BANKRUPTCY AND YOUR CREDIT REPORT – A bankruptcy filing may be retained on your credit report for 10 years. In addition most loan applications require that you disclose that you have filed bankruptcy. Businesses, including banks and apartment owners, may refuse to do business with someone who has filed bankruptcy. I do not guarantee that creditors will accurately report information on your credit report. An additional fee will be required if there are issues you want me to address. For a discussion of what I refer to as the “Game of Credit Score Fear”, please click the following link: Bankruptcy and Credit Scores
THE BANKRUPTCY ESTATE. When you file bankruptcy a “bankruptcy estate” is created. It is an entity similar to a Trust or Corporation. The estate is comprised of all property you own or have rights to. Under some circumstances property that you have transferred, or property that you become entitled to after the bankruptcy is filed, may also be property of the estate. You do not have the right the sell, transfer, or encumber that property until it is no longer property of the estate. The property is usually no longer property of the estate when the case is closed. Generally, the case is closed shortly after you receive your discharge. However, under some circumstances the case can be kept open for administration of assets even though you have received your discharge. In most cases the property will probably never leave your possession and you’ll be allowed to keep it, this is because of the “exemptions”.
Property that you currently own. Upon filing bankruptcy essentially everything you own or have rights to will become property of the “bankruptcy estate”.
Property that you have transferred. Some payments made to creditors within 90 days of filing may be pulled back into the estate, or 1 year if the payment was made to an “insider” (e.g., relative). Transfers made within the last four years that violate the Uniform Fraudulent Transfers Act may be undone (generally a transfer made for less than economic value while you were insolvent).
Property that you become entitled to in the future. Included in the estate is property you become entitled to via inheritance, life insurance, or a property settlement with a spouse within 180 days of the bankruptcy or while making payments in a Chapter 13 Plan.

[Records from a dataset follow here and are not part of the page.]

(* Let $n,m$ be non-negative integers, not both equal to $0$. Then \[\sum_{d=0}^{\min(n,m)}\frac{(-1)^d}{4^{\lfloor (n+m-2d)/2\rfloor}}\,\frac{n+m-2d}{n+m-d}\binom{n+m-d}{n-d,\,m-d,\,d}\binom{2\lfloor (n+m-2d)/2\rfloor}{\lfloor (n+m-2d)/2\rfloor}=\frac{1}{4^{\lfloor n/2\rfloor+\lfloor m/2\rfloor}}\binom{2\lfloor n/2\rfloor}{\lfloor n/2\rfloor}\binom{2\lfloor m/2\rfloor}{\lfloor m/2\rfloor}.\]
   Context: $\binom{s}{a,\,b,\,c}=\frac{s!}{a!\,b!\,c!}$ denotes the multinomial coefficient (with $a+b+c=s$). *)

From mathcomp Require Import all_boot all_order all_algebra.
Set Implicit Arguments. Unset Strict Implicit. Unset Printing Implicit Defensive.
Import Order.TTheory GRing.Theory Num.Theory.
Local Open Scope ring_scope.

Definition multinom (a b c : nat) : rat :=
  ((a + b + c)`!)%:R / ((a`! * b`! * c`!)%N)%:R.

From mathcomp Require Import all_boot all_order all_algebra.
From mathcomp Require Import zify ring.
Import Order.TTheory GRing.Theory Num.Theory.
Local Open Scope ring_scope.

(* Let Q(N) = C(2⌊N/2⌋, ⌊N/2⌋) / 4^⌊N/2⌋, i.e. [cbin N].  Since
   (2a+2) Q(2a+2) = (2a+1) Q(2a) and Q(2a+1) = Q(2a), Q satisfies
   (N+2) Q(N+2) - N Q(N) = Q(N+1) with Q(0) = Q(1) = 1.
   The left-hand side S(n,m) = Σ_d c(n,m,d) Q(n+m-2d) ([csum n m], with
   c(n,m,d) = [scoef n m d]) obeys the same recurrence in n: the coefficients
   satisfy
   (n+2) c(n+2,m,d+1) - n c(n,m,d) = (n+m-2d) (c(n+1,m,d+1) - c(n+1,m,d)),
   and after the shift d ↦ d+1 the weights (n+m-2d) Q(n+m-2d) recombine through
   the recurrence of Q.  As S(0,m) = S(1,m) = Q(m), induction on n gives
   S(n,m) = Q(n) Q(m). *)

Lemma mul_central_binS a :
  (a.+1 * 'C((a.+1).*2, a.+1) = 2 * (a.*2).+1 * 'C(a.*2, a))%N.
Proof.
have step2 := mul_bin_diag (a.*2.+2) a.
have step1 := mul_bin_diag (a.*2.+1) a.
have sym : 'C(a.*2.+1, a.+1) = 'C(a.*2.+1, a).
  by rewrite -[RHS]bin_sub; [congr 'C(_, _) | ]; lia.
rewrite sym in step1; rewrite -step2 -mulnA step1 mulnA; congr (_ * _)%N; lia.
Qed.

Lemma natr_fact_neq0 (R : numDomainType) n : n`!%:R != 0 :> R.
Proof. by rewrite pnatr_eq0 -lt0n fact_gt0. Qed.

Ltac natr_neq0 := rewrite ?natr_fact_neq0 ?(addrC 1) ?natr1 -?natrD ?pnatr_eq0.

Section Recurrence.
Variable R : numFieldType.

Definition cbin (N : nat) : R := 'C(2 * N./2, N./2)%:R / 4 ^+ N./2.

Lemma cbin_double_succ a : a.*2.+2%:R * cbin a.*2.+2 = a.*2.+1%:R * cbin a.*2.
Proof.
have central : 'C((a.+1).*2, a.+1)%:R = 2 * a.*2.+1%:R * 'C(a.*2, a)%:R / a.+1%:R :> R.
  by rewrite -[2]/(2%:R) -!natrM -mul_central_binS natrM mulrC mulKf // pnatr_eq0.
rewrite /cbin -doubleS !doubleK !mul2n central exprS -!muln2 -addn1 !(natrD, natrM).
by field; rewrite expf_neq0; natr_neq0.
Qed.

Lemma cbin_odd a : cbin a.*2.+1 = cbin a.*2.
Proof. by rewrite /cbin /= uphalf_double doubleK. Qed.

Lemma cbin0 : cbin 0 = 1.
Proof. by rewrite /cbin bin0 expr0 divr1. Qed.

Lemma cbin_rec M : M.+2%:R * cbin M.+2 - M%:R * cbin M = cbin M.+1.
Proof.
rewrite -[M]odd_double_half; case: (odd M); rewrite ?add0n ?add1n; set a := M./2.
- have -> : cbin a.*2.+3 = cbin a.*2.+2 by rewrite -doubleS cbin_odd.
  rewrite cbin_odd -cbin_double_succ -[a.*2.+3]addn1 natrD; ring.
- rewrite cbin_double_succ cbin_odd -[a.*2.+1]addn1 natrD; ring.
Qed.

(* (-1)^d (k+l)/(k+l+d) times the multinomial coefficient of (k, l, d), written
   with (k+l+d-1)! so that only factorials occur as denominators. *)
Definition tcoef (k l d : nat) : R :=
  (-1) ^+ d * (k + l)%:R * ((k + l + d).-1)`!%:R / (k`! * l`! * d`!)%:R.

Lemma tcoef_rec k l d :
  (k + d).+2%:R * tcoef k.+1 l d.+1 - (k + d)%:R * tcoef k l.+1 d
  = (k + l).+1%:R * (tcoef k l d.+1 - tcoef k.+1 l.+1 d).
Proof.
rewrite /tcoef !addSn !addnS /= !factS exprS -!natr1 !(natrM, natrD).
by field; natr_neq0.
Qed.

Lemma tcoef_rec_k0 l d : d.+1%:R * tcoef 0 l d.+1 = - (l%:R * tcoef 0 l.+1 d).
Proof.
rewrite /tcoef !add0n !addnS /= !factS exprS -!natr1 !(natrM, natrD).
by field; natr_neq0.
Qed.

Lemma tcoef_rec_l0 k d : (k + d)%:R * tcoef k 0 d = k%:R * tcoef k.+1 0 d.
Proof.
case: k => [|k]; first by rewrite /tcoef addn0 mulr0n !(mulr0, mul0r).
rewrite /tcoef !addn0 !addSn /= !factS -!natr1 !(natrM, natrD).
by field; natr_neq0.
Qed.

Lemma tcoef_rec_d0 k l : (k.+2)%:R * tcoef k.+2 l 0 = (k + l).+2%:R * tcoef k.+1 l 0.
Proof.
rewrite /tcoef !addn0 !addSn /= !factS -!natr1 !(natrM, natrD).
by field; natr_neq0.
Qed.

Lemma tcoef00 d : tcoef 0 0 d = 0.
Proof. by rewrite /tcoef mulr0n !(mulr0, mul0r). Qed.

Lemma tcoef_bin k l : (0 < k + l)%N -> tcoef k l 0 = 'C(k + l, k)%:R.
Proof.
move=> pos; have [s sE] : exists s, (k + l = s.+1)%N by exists (k + l).-1; lia.
have binE := bin_fact (leq_addr l k); rewrite addKn sE factS in binE.
rewrite /tcoef addn0 sE /= fact0 muln1 expr0 mul1r -natrM -binE !natrM.
by field; natr_neq0.
Qed.

Lemma tcoef0l1 l : tcoef 0 l 1 = - l%:R.
Proof. by rewrite /tcoef add0n addn1 /= expr1 fact0 mul1n muln1; field; natr_neq0. Qed.

Definition scoef (n m d : nat) : R :=
  if ((d <= n) && (d <= m))%N then tcoef (n - d) (m - d) d else 0.

Lemma scoefE n m d k l : n = (k + d)%N -> m = (l + d)%N -> scoef n m d = tcoef k l d.
Proof. by move=> -> ->; rewrite /scoef !leq_addl !addnK. Qed.

Lemma scoef_out n m d : ((n < d) || (m < d))%N -> scoef n m d = 0.
Proof. by move=> out; rewrite /scoef ifF //; apply/negbTE; lia. Qed.

Lemma scoef_eq0 n m d : (n + m <= 2 * d)%N -> scoef n m d = 0.
Proof.
move=> small; have [inside | outside] := boolP ((d <= n) && (d <= m))%N.
  by rewrite (@scoefE n m d 0 0) ?tcoef00 //; lia.
by apply: scoef_out; lia.
Qed.

Lemma scoef_rec n m d :
  n.+2%:R * scoef n.+2 m d.+1 - n%:R * scoef n m d
  = (n + m - 2 * d)%:R * (scoef n.+1 m d.+1 - scoef n.+1 m d).
Proof.
have [out | ] := boolP ((n.+1 < d) || (m < d))%N.
  by rewrite ![scoef _ _ _]scoef_out ?(mulr0, subrr) //; lia.
rewrite negb_or -!leqNgt => /andP [dn dm].
case: (ltnP d n.+1) => [d_le_n | n_lt_d].
  have [k ->] : exists k, n = (k + d)%N by exists (n - d)%N; lia.
  case: (ltnP d m) => [d_lt_m | m_le_d].
    have [l ->] : exists l, m = (l.+1 + d)%N by exists (m - d.+1)%N; lia.
    rewrite (@scoefE _ _ _ k.+1 l) 1?(@scoefE _ _ d k l.+1) 1?(@scoefE _ _ d.+1 k l)
      1?(@scoefE _ _ d k.+1 l.+1); try lia.
    have -> : (k + d + (l.+1 + d) - 2 * d = (k + l).+1)%N by lia.
    by rewrite -tcoef_rec; congr (_%:R * _ - _); lia.
  have -> : m = d by lia.
  rewrite (@scoef_out _ _ d.+1) 1?(@scoef_out _ _ d.+1) 1?(@scoefE (k + d) d d k 0)
    1?(@scoefE (k + d).+1 d d k.+1 0); try lia.
  have -> : (k + d + d - 2 * d = k)%N by lia.
  by rewrite !(mulr0, sub0r) mulrN tcoef_rec_l0.
have -> : d = n.+1 by lia.
rewrite (@scoef_out n) 1?(@scoef_out n.+1 m n.+2); try lia.
case: (ltnP m n.+2) => [m_lt | m_ge].
  have -> : (n + m - 2 * n.+1 = 0)%N by lia.
  by rewrite mul0r scoef_out ?(mulr0, subr0) //; lia.
have [l ->] : exists l, m = (l + n.+2)%N by exists (m - n.+2)%N; lia.
rewrite (@scoefE _ _ _ 0 l) 1?(@scoefE _ _ _ 0 l.+1); try lia.
have -> : (n + (l + n.+2) - 2 * n.+1 = l)%N by lia.
by rewrite tcoef_rec_k0 mulr0 subr0 sub0r mulrN.
Qed.

Lemma sum_scoef_widen n m B (G : nat -> R) : (minn n m < B)%N ->
  \sum_(0 <= d < B) scoef n m d * G d
  = \sum_(0 <= d < (minn n m).+1) scoef n m d * G d.
Proof.
move=> min_lt_B; rewrite (big_cat_nat _ (n := (minn n m).+1)) //=.
rewrite [X in _ + X]big1_seq ?addr0 // => d /andP[_]; rewrite mem_index_iota => d_gt.
by rewrite scoef_out ?mul0r //; lia.
Qed.

Lemma scoef_cbin_rec n m d :
  scoef n.+1 m d * ((n + m + 2 - 2 * d)%:R * cbin (n + m + 2 - 2 * d)
                   - (n + m - 2 * d)%:R * cbin (n + m - 2 * d))
  = scoef n.+1 m d * cbin (n.+1 + m - 2 * d).
Proof.
have [small | large] := leqP (n.+1 + m) (2 * d).
  by rewrite scoef_eq0 ?mul0r.
have -> : (n + m + 2 - 2 * d = (n + m - 2 * d).+2)%N by lia.
have -> : (n.+1 + m - 2 * d = (n + m - 2 * d).+1)%N by lia.
by rewrite cbin_rec.
Qed.

Definition csum n m : R :=
  \sum_(0 <= d < (minn n m).+1) scoef n m d * cbin (n + m - 2 * d).

Lemma csum_rec n m :
  n.+2%:R * csum n.+2 m - n%:R * csum n m = csum n.+1 m.
Proof.
pose w M : R := M%:R * cbin M.
rewrite /csum -!(@sum_scoef_widen _ _ n.+3); try lia.
have lead : n.+2%:R * (scoef n.+2 m 0 * cbin (n.+2 + m - 2 * 0))
            = scoef n.+1 m 0 * w (n + m + 2 - 2 * 0)%N.
  rewrite /w (@scoefE _ _ _ n.+2 m) 1?(@scoefE _ _ _ n.+1 m); try lia.
  have -> : (n.+2 + m - 2 * 0 = (n + m).+2)%N by lia.
  have -> : (n + m + 2 - 2 * 0 = (n + m).+2)%N by lia.
  by rewrite mulrA tcoef_rec_d0; ring.
have step d : n.+2%:R * (scoef n.+2 m d.+1 * cbin (n.+2 + m - 2 * d.+1))
              - n%:R * (scoef n m d * cbin (n + m - 2 * d))
            = scoef n.+1 m d.+1 * w (n + m + 2 - 2 * d.+1)%N
              - scoef n.+1 m d * w (n + m - 2 * d)%N.
  have -> : (n.+2 + m - 2 * d.+1 = n + m - 2 * d)%N by lia.
  have -> : (n + m + 2 - 2 * d.+1 = n + m - 2 * d)%N by lia.
  by rewrite /w (mulrA n.+2%:R) (mulrA n%:R) -mulrBl scoef_rec; ring.
have pad_last : \sum_(0 <= d < n.+2) scoef n.+1 m d * w (n + m - 2 * d)%N
             = \sum_(0 <= d < n.+3) scoef n.+1 m d * w (n + m - 2 * d)%N.
  by rewrite [RHS]big_nat_recr //= [scoef n.+1 m n.+2]scoef_out ?mul0r ?addr0 //; lia.
rewrite big_nat_recl // [X in _ - _ * X]big_nat_recr //= [scoef n m n.+2]scoef_out; last lia.
rewrite mul0r addr0 mulrDr !mulr_sumr lead -addrA -sumrB (eq_bigr _ (fun d _ => step d)).
rewrite sumrB addrA -(big_nat_recl _ _ (fun d => scoef n.+1 m d * w (n + m + 2 - 2 * d)%N)) //.
rewrite pad_last -sumrB.
by apply: eq_bigr => d _; rewrite -mulrBr scoef_cbin_rec.
Qed.

Lemma csum0 m : (0 < m)%N -> csum 0 m = cbin m.
Proof.
move=> m_gt0; rewrite /csum min0n big_nat1 (@scoefE _ _ _ 0 m) ?addn0 //.
by rewrite tcoef_bin // bin0 mul1r add0n muln0 subn0.
Qed.

Lemma csum1 m : csum 1 m = cbin m.
Proof.
rewrite /csum; case: m => [|l].
  by rewrite minn0 big_nat1 (@scoefE _ _ _ 1 0) // tcoef_bin // bin1 mul1r (cbin_odd 0).
rewrite minnSS min0n big_nat_recr // big_nat1 (@scoefE _ _ _ 1 l.+1) ?addn0 //.
rewrite (@scoefE _ _ _ 0 l) ?addn1 // tcoef_bin // tcoef0l1 bin1 -(cbin_rec l) /=.
have -> : (1 + l.+1 - 2 * 0 = l.+2)%N by lia.
have -> : (1 + l.+1 - 2 * 1 = l)%N by lia.
by rewrite add1n mulNr.
Qed.

Lemma csumE n m : (0 < n + m)%N -> csum n m = cbin n * cbin m.
Proof.
elim/ltn_ind: n m => -[_ m m_gt0 | [_ m _ | n IH m _]].
- by rewrite csum0 // cbin0 mul1r.
- by rewrite csum1 (cbin_odd 0) cbin0 mul1r.
have n2_neq0 : n.+2%:R != 0 :> R by rewrite pnatr_eq0.
(* csum 0 0 = 0 differs from cbin 0 ^+ 2, but it only occurs with the factor n = 0. *)
have lower : n%:R * csum n m = n%:R * (cbin n * cbin m).
  by case: n IH {n2_neq0} => [|n] IH; rewrite ?mul0r // IH.
apply: (mulfI n2_neq0); rewrite -[LHS](subrK (n%:R * csum n m)).
by rewrite csum_rec IH // lower -cbin_rec; ring.
Qed.

End Recurrence.

Lemma summand_eq n m d : (d <= n)%N -> (d <= m)%N -> (0 < n + m)%N ->
  (-1) ^+ d / (4 ^+ ((n + m - 2 * d)./2)%N : rat)
    * (((n + m - 2 * d)%N)%:R / ((n + m - d)%N)%:R)
    * multinom (n - d) (m - d) d
    * ('C(2 * (n + m - 2 * d)./2, (n + m - 2 * d)./2))%:R
  = scoef rat n m d * cbin rat (n + m - 2 * d).
Proof.
move=> dn dm pos; rewrite (@scoefE _ _ _ _ (n - d) (m - d)) ?subnK // /cbin /tcoef /multinom.
have -> : (n + m - 2 * d = (n - d) + (m - d))%N by lia.
have -> : (n + m - d = (n - d) + (m - d) + d)%N by lia.
have [s ->] : exists s, ((n - d) + (m - d) + d = s.+1)%N by exists (n + m - d).-1; lia.
rewrite factS /=.
by field; rewrite ?expf_neq0; natr_neq0.
Qed.

Theorem corollary4p1 (n m : nat) (Hnm : (0 < n + m)%N) :
  \sum_(0 <= d < (minn n m).+1)
     ((-1) ^+ d / (4 ^+ ((n + m - 2 * d)./2)%N : rat)
      * (((n + m - 2 * d)%N)%:R / ((n + m - d)%N)%:R)
      * multinom (n - d) (m - d) d
      * ('C(2 * (n + m - 2 * d)./2, (n + m - 2 * d)./2))%:R)
  = 1 / (4 ^+ (n./2 + m./2)%N : rat)
      * ('C(2 * n./2, n./2))%:R * ('C(2 * m./2, m./2))%:R.
Proof.
transitivity (csum rat n m).
  by apply: eq_big_nat => d /andP[_ d_le]; apply: summand_eq => //; lia.
by rewrite csumE // /cbin exprD; field; rewrite !expf_neq0.
Qed.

EXEMPTIONS. Before the “estate” is used to pay creditors you can exempt certain property. That means you get to keep the exempt value of the property. In some states, you may elect Federal or State exemptions. In Missouri however, only the state exemptions are available. If you are married and filing jointly you are entitled to double the many exemptions. Property claimed as exempt must be sufficiently described so that the trustee and parties in interest can reasonably be expected to know what property the debtor claims as exempt, therefore when preparing your worksheet provide detailed descriptions of your property where requested. If you omit property from your schedules the court may deny your exemptions in that property even if you would otherwise be entitled to exempt the property.